§ Material provided
(* Let $L\ge 2$ and let $f_{i,j}:\mathbb{R}\to\mathbb{R}$, $i,j=0,\ldots,L-1$, be continuous $1$-periodic functions. For each $i$ and $\boldsymbol{y}=(y_0,\ldots,y_{L-1})\in\mathbb{R}^L$ define $$g_i(\boldsymbol{y}) := \int_{[0,1]^L} \prod_{j=0}^{L-1} f_{i,j}\bigl(x_j - x_{j+1} + y_j\bigr)\,\mathrm{d}\boldsymbol{x},\qquad x_L\equiv x_0.$$ Let $$\mathcal{I} := \int_{[0,1]^L}\cdots\int_{[0,1]^L} \prod_{i=0}^{L-1} g_i\bigl(\boldsymbol{y}_{i+1}-\boldsymbol{y}_i\bigr)\,\mathrm{d}\boldsymbol{y}_0\cdots\mathrm{d}\boldsymbol{y}_{L-1},$$ where each $\boldsymbol{y}_i\in[0,1]^L$ and $\boldsymbol{y}_L\equiv\boldsymbol{y}_0$. Then $$\mathcal{I} = \int_{[0,1]^L} \prod_{i=0}^{L-1} g_i\bigl(y_{i+1}-y_i,\,0,\ldots,0\bigr)\,\mathrm{d}\boldsymbol{y},$$ where now $\boldsymbol{y}=(y_0,\ldots,y_{L-1})\in[0,1]^L$ with scalar components and $y_L\equiv y_0$.
   Context: Indices of integration variables are taken modulo $L$ (periodic boundary conditions). *)

From Stdlib Require Import Reals Arith.
From Coquelicot Require Import Coquelicot.
Open Scope R_scope.

Fixpoint prodR (n : nat) (h : nat -> R) : R :=
  match n with
  | O => 1
  | S n' => prodR n' h * h n'
  end.

(* Integral over the unit cube [0,1]^n of F, where a point of the cube is a
   vector x : nat -> R whose coordinates x 0, ..., x (n-1) range over [0,1]
   (coordinates >= n are fixed to 0).  It is computed as the iterated
   Riemann integral (Coquelicot RInt), one coordinate at a time; for the
   continuous integrands considered here this equals the Lebesgue integral
   over the cube (Fubini). *)
Fixpoint cube_int (n : nat) (F : (nat -> R) -> R) : R :=
  match n with
  | O => F (fun _ => 0)
  | S n' => RInt (fun t => cube_int n' (fun x => F (fun k => if Nat.eqb k n' then t else x k))) 0 1
  end.

Definition gfun (L : nat) (f : nat -> nat -> R -> R) (i : nat) (y : nat -> R) : R :=
  cube_int L (fun x =>
    prodR L (fun j => f i j (x j - x (Nat.modulo (j + 1)%nat L) + y j))).

(* The L vectors y_0, ..., y_{L-1} in [0,1]^L are packed into one point z of
   [0,1]^(L*L): component k of y_i is z (i*L + k). *)
Definition block (L : nat) (z : nat -> R) (i : nat) : nat -> R :=
  fun k => z (i * L + k)%nat.

Definition Ical (L : nat) (f : nat -> nat -> R -> R) : R :=
  cube_int (L * L)%nat (fun z =>
    prodR L (fun i => gfun L f i
      (fun k => block L z (Nat.modulo (i + 1)%nat L) k - block L z i k))).

Definition first_only (t : R) : nat -> R :=
  fun k => if Nat.eqb k 0 then t else 0.

(* Shifting the integration variables x_j of g_i by partial sums of y shows
   that g_i(y) depends on y only through s = y_0 + ... + y_{L-1}, so that
   g_i(y) = G_i(s) with G_i(s) := g_i(s, 0, ..., 0) continuous and 1-periodic.
   The integrand of I therefore depends on each block y_i only through the sum
   of its components, and a sum of independent uniform variables is uniform
   modulo 1: integrating out a block whose sum enters a 1-periodic function
   gives the same as integrating that function over one scalar y_i in [0,1].
   Continuity of all parameter integrals comes from uniform continuity of
   the integrands, which holds because the f_{i,j} are continuous and
   periodic. *)

From Stdlib Require Import Reals Arith Lia Lra ZArith FunctionalExtensionality.
From Coquelicot Require Import Coquelicot.
Open Scope R_scope.

Definition periodic (g : R -> R) : Prop := forall x, g (x + 1) = g x.

Lemma periodic_sub1 (g : R -> R) : periodic g -> forall x, g (x - 1) = g x.
Proof. intros Hg x. rewrite <- (Hg (x - 1)). f_equal; ring. Qed.

Lemma periodic_INR (g : R -> R) : periodic g -> forall n x, g (x + INR n) = g x.
Proof.
  intros Hg n; induction n as [|n IH]; intro x.
  - simpl; f_equal; ring.
  - rewrite S_INR, <- Rplus_assoc, Hg. apply IH.
Qed.

Lemma periodic_IZR (g : R -> R) : periodic g -> forall z x, g (x + IZR z) = g x.
Proof.
  intros Hg z x. destruct z as [|p|p].
  - simpl; f_equal; ring.
  - rewrite <- Znat.positive_nat_Z, <- INR_IZR_INZ. apply periodic_INR, Hg.
  - rewrite IZR_NEG, <- Znat.positive_nat_Z, <- INR_IZR_INZ.
    rewrite <- (periodic_INR g Hg (Pos.to_nat p) (x + - _)). f_equal; ring.
Qed.

Lemma IZR_shift_unit_interval (a : R) : exists z, 0 <= a + IZR z <= 1.
Proof.
  exists (- Int_part a)%Z. rewrite opp_IZR. destruct (base_Int_part a). lra.
Qed.

Definition unif_cont1 (g : R -> R) : Prop := forall eps, 0 < eps -> exists d, 0 < d /\
  forall a b, Rabs (a - b) < d -> Rabs (g a - g b) < eps.

Definition bounded1 (g : R -> R) : Prop := exists M, forall a, Rabs (g a) <= M.

Lemma continuous_continuity_pt (g : R -> R) x : continuous g x -> continuity_pt g x.
Proof. apply continuity_pt_filterlim. Qed.

Lemma periodic_unif_cont1 (g : R -> R) :
  (forall x, continuous g x) -> periodic g -> unif_cont1 g.
Proof.
  intros Hc Hp eps Heps.
  destruct (Heine g (fun c => -1 <= c <= 2) (compact_P3 (-1) 2)
    (fun x _ => continuous_continuity_pt g x (Hc x)) (mkposreal eps Heps)) as [[d Hd] H].
  exists (Rmin d 1). split; [apply Rmin_case; lra|].
  intros a b Hab. destruct (IZR_shift_unit_interval a) as [z Hz].
  rewrite <- (periodic_IZR g Hp z a), <- (periodic_IZR g Hp z b).
  assert (Hd' : Rabs (a - b) < d) by (eapply Rlt_le_trans; [exact Hab | apply Rmin_l]).
  assert (H1 : Rabs (a - b) < 1) by (eapply Rlt_le_trans; [exact Hab | apply Rmin_r]).
  apply Rabs_lt_between in H1.
  apply H; simpl; [lra | lra |].
  replace (a + IZR z - (b + IZR z)) with (a - b) by ring. exact Hd'.
Qed.

Lemma periodic_bounded1 (g : R -> R) :
  (forall x, continuous g x) -> periodic g -> bounded1 g.
Proof.
  intros Hc Hp.
  destruct (continuity_ab_maj (fun x => Rabs (g x)) 0 1) as [M [HM _]]; [lra| |].
  { intros c _. apply (continuity_pt_comp g Rabs).
    - apply continuous_continuity_pt, Hc.
    - apply Rcontinuity_abs. }
  exists (Rabs (g M)). intro a. destruct (IZR_shift_unit_interval a) as [z Hz].
  rewrite <- (periodic_IZR g Hp z a). apply HM, Hz.
Qed.

Lemma continuous_eps_delta (g : R -> R) x :
  (forall eps, 0 < eps -> exists d, 0 < d /\
     forall y, Rabs (y - x) < d -> Rabs (g y - g x) < eps) ->
  continuous g x.
Proof.
  intro H. apply filterlim_locally. intros [e He].
  destruct (H e He) as [d [Hd Hy]]. exists (mkposreal d Hd). intros y Hb. apply Hy, Hb.
Qed.

Lemma ex_RInt_cont (H : R -> R) a b : (forall x, continuous H x) -> ex_RInt H a b.
Proof. intro Hc. apply (ex_RInt_continuous (V := R_CompleteNormedModule)); auto. Qed.

Lemma RInt_translate (H : R -> R) a b c : (forall x, continuous H x) ->
  RInt (fun t => H (t + c)) a b = RInt H (a + c) (b + c).
Proof.
  intro Hc.
  transitivity (RInt (fun t => scal 1 (H (1 * t + c))) a b).
  { apply RInt_ext. intros t _.
    unfold scal; simpl; unfold mult; simpl. rewrite !Rmult_1_l. reflexivity. }
  rewrite (RInt_comp_lin (V := R_CompleteNormedModule)) by apply ex_RInt_cont, Hc.
  f_equal; ring.
Qed.

Lemma RInt_periodic_translate (H : R -> R) c :
  (forall x, continuous H x) -> periodic H ->
  RInt (fun t => H (t + c)) 0 1 = RInt H 0 1.
Proof.
  intros Hc Hp.
  assert (Hex : forall a b, ex_RInt H a b) by (intros; apply ex_RInt_cont, Hc).
  assert (Hone : RInt H 1 (1 + c) = RInt H 0 c).
  { transitivity (RInt (fun t => H (t + 1)) 0 c).
    - rewrite RInt_translate by exact Hc. f_equal; ring.
    - apply RInt_ext. intros t _. apply Hp. }
  rewrite RInt_translate by exact Hc. rewrite Rplus_0_l.
  rewrite <- (RInt_Chasles (V := R_CompleteNormedModule) H c 1 (1 + c)) by apply Hex.
  rewrite <- (RInt_Chasles (V := R_CompleteNormedModule) H 0 c 1) by apply Hex.
  rewrite (Rplus_comm 1 c), <- (Rplus_comm 1 c), Hone.
  unfold plus; simpl. ring.
Qed.

Definition close (x y : nat -> R) (d : R) : Prop := forall k, Rabs (x k - y k) < d.

Definition unif_cont (F : (nat -> R) -> R) : Prop := forall eps, 0 < eps -> exists d, 0 < d /\
  forall x y, close x y d -> Rabs (F x - F y) < eps.

Definition bounded (F : (nat -> R) -> R) : Prop := exists M, forall x, Rabs (F x) <= M.

Definition lipschitz (phi : (nat -> R) -> R) (K : R) : Prop :=
  forall x y d, close x y d -> Rabs (phi x - phi y) <= K * d.

Definition upd (x : nat -> R) (n : nat) (t : R) : nat -> R :=
  fun k => if Nat.eqb k n then t else x k.

Lemma upd_same x n t : upd x n t n = t.
Proof. unfold upd. rewrite Nat.eqb_refl. reflexivity. Qed.

Lemma upd_other x n t k : k <> n -> upd x n t k = x k.
Proof. intro H. unfold upd. destruct (Nat.eqb_spec k n); [lia | reflexivity]. Qed.

Lemma upd_upd x n a b : upd (upd x n a) n b = upd x n b.
Proof. apply functional_extensionality. intro k. unfold upd. destruct (Nat.eqb k n); auto. Qed.

Lemma upd_comm x k n a b : k <> n -> upd (upd x k a) n b = upd (upd x n b) k a.
Proof.
  intro H. apply functional_extensionality. intro j. unfold upd.
  destruct (Nat.eqb_spec j n), (Nat.eqb_spec j k); auto. lia.
Qed.

Lemma close_pos x y d : close x y d -> 0 < d.
Proof. intro H. specialize (H O). pose proof (Rabs_pos (x O - y O)). lra. Qed.

Lemma close_upd x y d n t : close x y d -> close (upd x n t) (upd y n t) d.
Proof.
  intros H k. unfold upd. destruct (Nat.eqb k n); [|apply H].
  rewrite Rminus_diag, Rabs_R0. eapply close_pos, H.
Qed.

Lemma unif_cont_upd F n t : unif_cont F -> unif_cont (fun x => F (upd x n t)).
Proof.
  intros H eps He. destruct (H eps He) as [d [Hd K]].
  exists d. split; [exact Hd|]. intros x y Hxy. apply K, close_upd, Hxy.
Qed.

Lemma lipschitz_affine phi a b n e c : Rabs e <= 1 ->
  (forall x, phi x = x a - x b + e * x n + c) -> lipschitz phi 3.
Proof.
  intros He Hphi x y d Hxy. rewrite !Hphi.
  replace (x a - x b + e * x n + c - (y a - y b + e * y n + c)) with
    ((x a - y a) - (x b - y b) + e * (x n - y n)) by ring.
  pose proof (Hxy a). pose proof (Hxy b). pose proof (Hxy n).
  assert (Rabs e * Rabs (x n - y n) <= 1 * d)
    by (apply Rmult_le_compat; try apply Rabs_pos; lra).
  eapply Rle_trans; [apply Rabs_triang|]. rewrite Rabs_mult.
  eapply Rle_trans; [apply Rplus_le_compat_r, Rabs_triang|]. rewrite Rabs_Ropp. lra.
Qed.

Lemma unif_cont_comp (g : R -> R) phi K : 0 < K ->
  unif_cont1 g -> lipschitz phi K -> unif_cont (fun x => g (phi x)).
Proof.
  intros HK Hg Hphi eps He. destruct (Hg eps He) as [d [Hd H]].
  exists (d / (2 * K)). split; [apply Rdiv_lt_0_compat; lra|].
  intros x y Hxy. apply H. specialize (Hphi x y _ Hxy).
  replace (K * (d / (2 * K))) with (d / 2) in Hphi by (field; lra). lra.
Qed.

Lemma bounded_comp (g : R -> R) phi : bounded1 g -> bounded (fun x => g (phi x)).
Proof. intros [M HM]. exists M. intro x. apply HM. Qed.

Lemma bounded_nonneg (F : (nat -> R) -> R) M : (forall x, Rabs (F x) <= M) -> 0 <= M.
Proof. intro H. eapply Rle_trans; [apply Rabs_pos | apply (H (fun _ => 0))]. Qed.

§ Task prompt
If a line of the entries contains the string "integrating", it counts; report how many such lines there are, as a bare number.

§ Result for this exercise
2